Аркадий Аверченко
Моя старая шкатулка
У меня есть старая шкатулка палисандрового дерева, выложенная по крышке инкрустацией, — совсем такая, какую возил с собой Павел Иванович Чичиков.
Я свою тоже теперь вожу за собой.
С сентября позапрошлого года.
А раньше она стояла в углу кабинета моей петербургской квартиры и служила хранилищем трофеев побед моей горничной надо мной.
Дело в том, что у меня с моей горничной шла глухая, тайная, незаметная, но свирепая, неумолимая борьба. Всякий из нас терпел свои поражения и одерживал победы, но на ее долю приходилось побед больше, чем поражений…
Каждый день утром, сидя за письменным столом, я просматривал корреспонденцию и прочитанное, ненужное бросал на пол; просматривал поданные счета и, отметив в записной книжке итоги на предмет уплаты, — счета бросал на пол; вынимал содержимое боковых карманов, отбирал ненужное — бросал на пол. И уходил из дому.

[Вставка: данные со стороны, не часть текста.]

(* Let $p\ge 10$ and let $s$ be an integer with $1\le s<p/3-1$. Suppose Assumption 1 holds and Assumption 2 holds with some $0\le\delta_s<1$. For $k=1,\dots,s$ let $\lambda_k=\lambda_k(\bar D)$. Then there exists a constant $C_L>0$ depending only on $a_u$ and $a_\ell$ such that $$\inf_{\hat f}\ \sup_{f^*\in\mathcal{F}_{T,s,D}}\mathbb{E}\big[\|\hat f-f^*\|_2^2\big]\ \ge\ C_L\max_{1\le k\le s}\left\{\min\left(\frac{k}{p^2\lambda_k^2},\ \frac{k}{(1+\delta_s)T}\log\frac{p-k-1}{k/2}\right)\right\},$$ where the infimum is over all measurable estimators $\hat f$ of $f^*$ based on $y$ (which may depend on $T$, $A$, $D$).
   Context: Setup: $n,p\ge1$ integers, $T>0$. $D\in\mathbb{R}^{p\times p}$ is an orthonormal matrix with columns $d_1,\dots,d_p$, where $d_1=p^{-1/2}(1,\dots,1)^\top$; $\bar D=[d_2,\dots,d_p]\in\mathbb{R}^{p\times(p-1)}$. For an integer $s\ge1$, $\mathcal{F}_{T,s,D}=\{f\in\mathbb{R}^p_{\ge0}:\ \|f\|_1=1,\ \|\bar D^\top f\|_0\le s\}$, where $\|v\|_0$ is the number of nonzero entries. Given a sensing matrix $A\in\mathbb{R}^{n\times p}$ and $f^*\in\mathcal{F}_{T,s,D}$, the observation is $y=(y_1,\dots,y_n)$ with independent $y_i\sim\mathrm{Poisson}(T(Af^* )_i)$; expectation is over $y$. Assumption 1: there are constants $a_\ell<a_u$ and a matrix $\widetilde A\in\mathbb{R}^{n\times p}$ with all entries in $[a_\ell/\sqrt n,a_u/\sqrt n]$ such that $A=\big(\widetilde A+\frac{a_u-2a_\ell}{\sqrt n}\mathbb{1}_{n\times p}\big)/\big(2(a_u-a_\ell)\sqrt n\big)$, with $\mathbb{1}_{n\times p}$ the all-ones matrix. Assumption 2: there is $\delta_s\ge0$ such that $\|\widetilde A D u\|_2^2\le(1+\delta_s)\|u\|_2^2$ for all $u\in\mathbb{R}^p$ with $\|u\|_0\le 2s$. $s$-sparse localization: for a matrix $X$ with $m$ columns and $1\le k\le m$, $\lambda_k(X)=\max\{\|Xv\|_\infty:\ v\in\{-1,0,1\}^{m},\ \|v\|_0=k\}$. Here $\log$ is the natural logarithm. *)

From Stdlib Require Import Reals Lra Lia List Arith.
Import ListNotations.
Open Scope R_scope.

(* Vectors in R^m are functions nat -> R (only indices < m matter);
   matrices are functions nat -> nat -> R (row, column), 0-based. *)

Fixpoint rsum (m : nat) (g : nat -> R) : R :=
  match m with O => 0 | S m' => rsum m' g + g m' end.

Fixpoint rprod (m : nat) (g : nat -> R) : R :=
  match m with O => 1 | S m' => rprod m' g * g m' end.

Definition nnz (m : nat) (v : nat -> R) : nat :=
  length (filter (fun j => if Req_EM_T (v j) 0 then false else true) (seq 0 m)).

Definition sqnorm (m : nat) (v : nat -> R) : R := rsum m (fun j => v j ^ 2).

Definition orthonormal_D (p : nat) (D : nat -> nat -> R) : Prop :=
  (forall i j, (i < p)%nat -> (j < p)%nat ->
     rsum p (fun k => D k i * D k j) = if Nat.eqb i j then 1 else 0) /\
  (forall k, (k < p)%nat -> D k 0%nat = / sqrt (INR p)).

(* Dbar^T f, coordinate j (j = 0..p-2) : <d_{j+1}, f> *)
Definition DbarT_apply (p : nat) (D : nat -> nat -> R) (f : nat -> R) : nat -> R :=
  fun j => rsum p (fun i => D i (S j) * f i).

Definition in_F (p s : nat) (D : nat -> nat -> R) (f : nat -> R) : Prop :=
  (forall j, (j < p)%nat -> 0 <= f j) /\
  rsum p (fun j => Rabs (f j)) = 1 /\
  (nnz (p - 1) (DbarT_apply p D f) <= s)%nat.

Definition A_of (n : nat) (a_l a_u : R) (At : nat -> nat -> R) : nat -> nat -> R :=
  fun i j => (At i j + (a_u - 2 * a_l) / sqrt (INR n)) / (2 * (a_u - a_l) * sqrt (INR n)).

Definition assumption1 (n p : nat) (a_l a_u : R) (At : nat -> nat -> R) : Prop :=
  forall i j, (i < n)%nat -> (j < p)%nat ->
    a_l / sqrt (INR n) <= At i j <= a_u / sqrt (INR n).

Definition assumption2 (n p s : nat) (At D : nat -> nat -> R) (delta : R) : Prop :=
  forall u : nat -> R, (nnz p u <= 2 * s)%nat ->
    sqnorm n (fun i => rsum p (fun j => At i j * rsum p (fun l => D j l * u l)))
    <= (1 + delta) * sqnorm p u.

(* s-sparse localization lambda_k(Dbar), Dbar = [d_2..d_p] has p-1 columns *)
Fixpoint ternary_vectors (m : nat) : list (list R) :=
  match m with
  | O => [[]]
  | S m' => flat_map (fun v => [(-1) :: v; 0 :: v; 1 :: v]) (ternary_vectors m')
  end.

Definition nnz_list (v : list R) : nat :=
  length (filter (fun x => if Req_EM_T x 0 then false else true) v).

Definition Dbar_apply_inf_norm (p : nat) (D : nat -> nat -> R) (v : list R) : R :=
  fold_right Rmax 0
    (map (fun i => Rabs (rsum (p - 1) (fun j => D i (S j) * nth j v 0))) (seq 0 p)).

Definition lambda_loc (p : nat) (D : nat -> nat -> R) (k : nat) : R :=
  fold_right Rmax 0
    (map (Dbar_apply_inf_norm p D)
       (filter (fun v => Nat.eqb (nnz_list v) k) (ternary_vectors (p - 1)))).

Definition poisson_pmf (mu : R) (k : nat) : R := exp (- mu) * mu ^ k / INR (fact k).

(* sum of F y over all y in {0,..,M-1}^n (y i = 0 for i >= n) *)
Fixpoint box_sum (n M : nat) (F : (nat -> nat) -> R) : R :=
  match n with
  | O => F (fun _ => 0%nat)
  | S n' => rsum M (fun k => box_sum n' M (fun y => F (fun i => if Nat.eqb i n' then k else y i)))
  end.

(* Truncation (to y in {0..M-1}^n) of E ||fhat(y) - f||_2^2, where
   y_i ~ Poisson(T (A f)_i) independently.  The full expectation is the
   (monotone) limit / supremum over M of these partial sums. *)
Definition partial_risk (n p : nat) (T : R) (A : nat -> nat -> R) (f : nat -> R)
    (fhat : (nat -> nat) -> nat -> R) (M : nat) : R :=
  box_sum n M (fun y =>
    rprod n (fun i => poisson_pmf (T * rsum p (fun j => A i j * f j)) (y i))
    * sqnorm p (fun j => fhat y j - f j)).

Definition lb_term (p : nat) (T delta : R) (D : nat -> nat -> R) (k : nat) : R :=
  Rmin (INR k / (INR p ^ 2 * lambda_loc p D k ^ 2))
       (INR k / ((1 + delta) * T) * ln ((INR p - INR k - 1) / (INR k / 2))).

Definition lb_max (p s : nat) (T delta : R) (D : nat -> nat -> R) : R :=
  fold_right Rmax (lb_term p T delta D 1) (map (lb_term p T delta D) (seq 1 s)).

From Stdlib Require Import Reals List Arith.
From Stdlib Require Import Lra Lia FunctionalExtensionality Classical.
Import ListNotations.
Open Scope R_scope.

(* Fix the sparsity level [k] attaining the maximum and cut [q = (p - 1) / k] coordinates of
   [Dbar^T] into [k] blocks of length [q].  For [v] choosing one position per block, the density
   [f_v = p^{-1} 1 + t Dbar u_v] (with [u_v] the indicator of the chosen positions) lies in
   [F_{T,s,D}] as long as [t lambda_k <= 1/p].  An estimator decodes a block as position [j]
   when it lies within [t / sqrt 2] of [t e_j]; by Bessel's inequality every decoding error costs [t^2 / 2] in squared loss.  Moving
   the chosen position of one block changes [f] by a [2]-sparse vector in the frame [D], so by
   Assumptions 1 and 2 the two Poisson laws have chi-square divergence at most
   [exp (T t^2 (1 + delta) / (a_u - a_l)^2) - 1 <= (q - 1) / 32].  A chi-square change of measure
   then shows that the [q - 1] alternatives of a block are misdecoded with probability at least
   [1/4] on average, and averaging over all [v] gives some [f_v] with risk at least [k t^2 / 8].
   Expectations are truncated to a box of counts carrying Poisson mass at least [63/64]. *)

(** * Finite sums and products *)

Lemma rsum_ext m f g :
  (forall i, (i < m)%nat -> f i = g i) -> rsum m f = rsum m g.
Proof.
  revert f g; induction m as [|m IH]; intros f g H; simpl; [reflexivity|].
  rewrite (IH f g) by (intros; apply H; lia).
  rewrite H by lia; reflexivity.
Qed.

Lemma rsum_le m f g :
  (forall i, (i < m)%nat -> f i <= g i) -> rsum m f <= rsum m g.
Proof.
  revert f g; induction m as [|m IH]; intros f g H; simpl; [lra|].
  assert (rsum m f <= rsum m g) by (apply IH; intros; apply H; lia).
  assert (f m <= g m) by (apply H; lia).
  lra.
Qed.

Lemma rsum_const m c : rsum m (fun _ => c) = INR m * c.
Proof.
  induction m as [|m IH]; simpl rsum; [simpl; lra|].
  rewrite IH, S_INR; lra.
Qed.

Lemma rsum_nonneg m f : (forall i, (i < m)%nat -> 0 <= f i) -> 0 <= rsum m f.
Proof.
  intros H; apply Rle_trans with (rsum m (fun _ => 0)).
  - rewrite rsum_const; lra.
  - now apply rsum_le.
Qed.

Lemma rsum_plus m f g : rsum m (fun i => f i + g i) = rsum m f + rsum m g.
Proof. induction m as [|m IH]; simpl; [lra|rewrite IH; lra]. Qed.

А потом являлась горничная, тщательно подметала пол, а все брошенное не менее тщательно собирала и аккуратной пачкой засовывала между подсвечником и часами около чернильницы на письменном столе.
Приходил я. Замечал засунутую пачку; бросал на пол.
Приходила она. Собирала с пола. Засовывала между подсвечниками и часами.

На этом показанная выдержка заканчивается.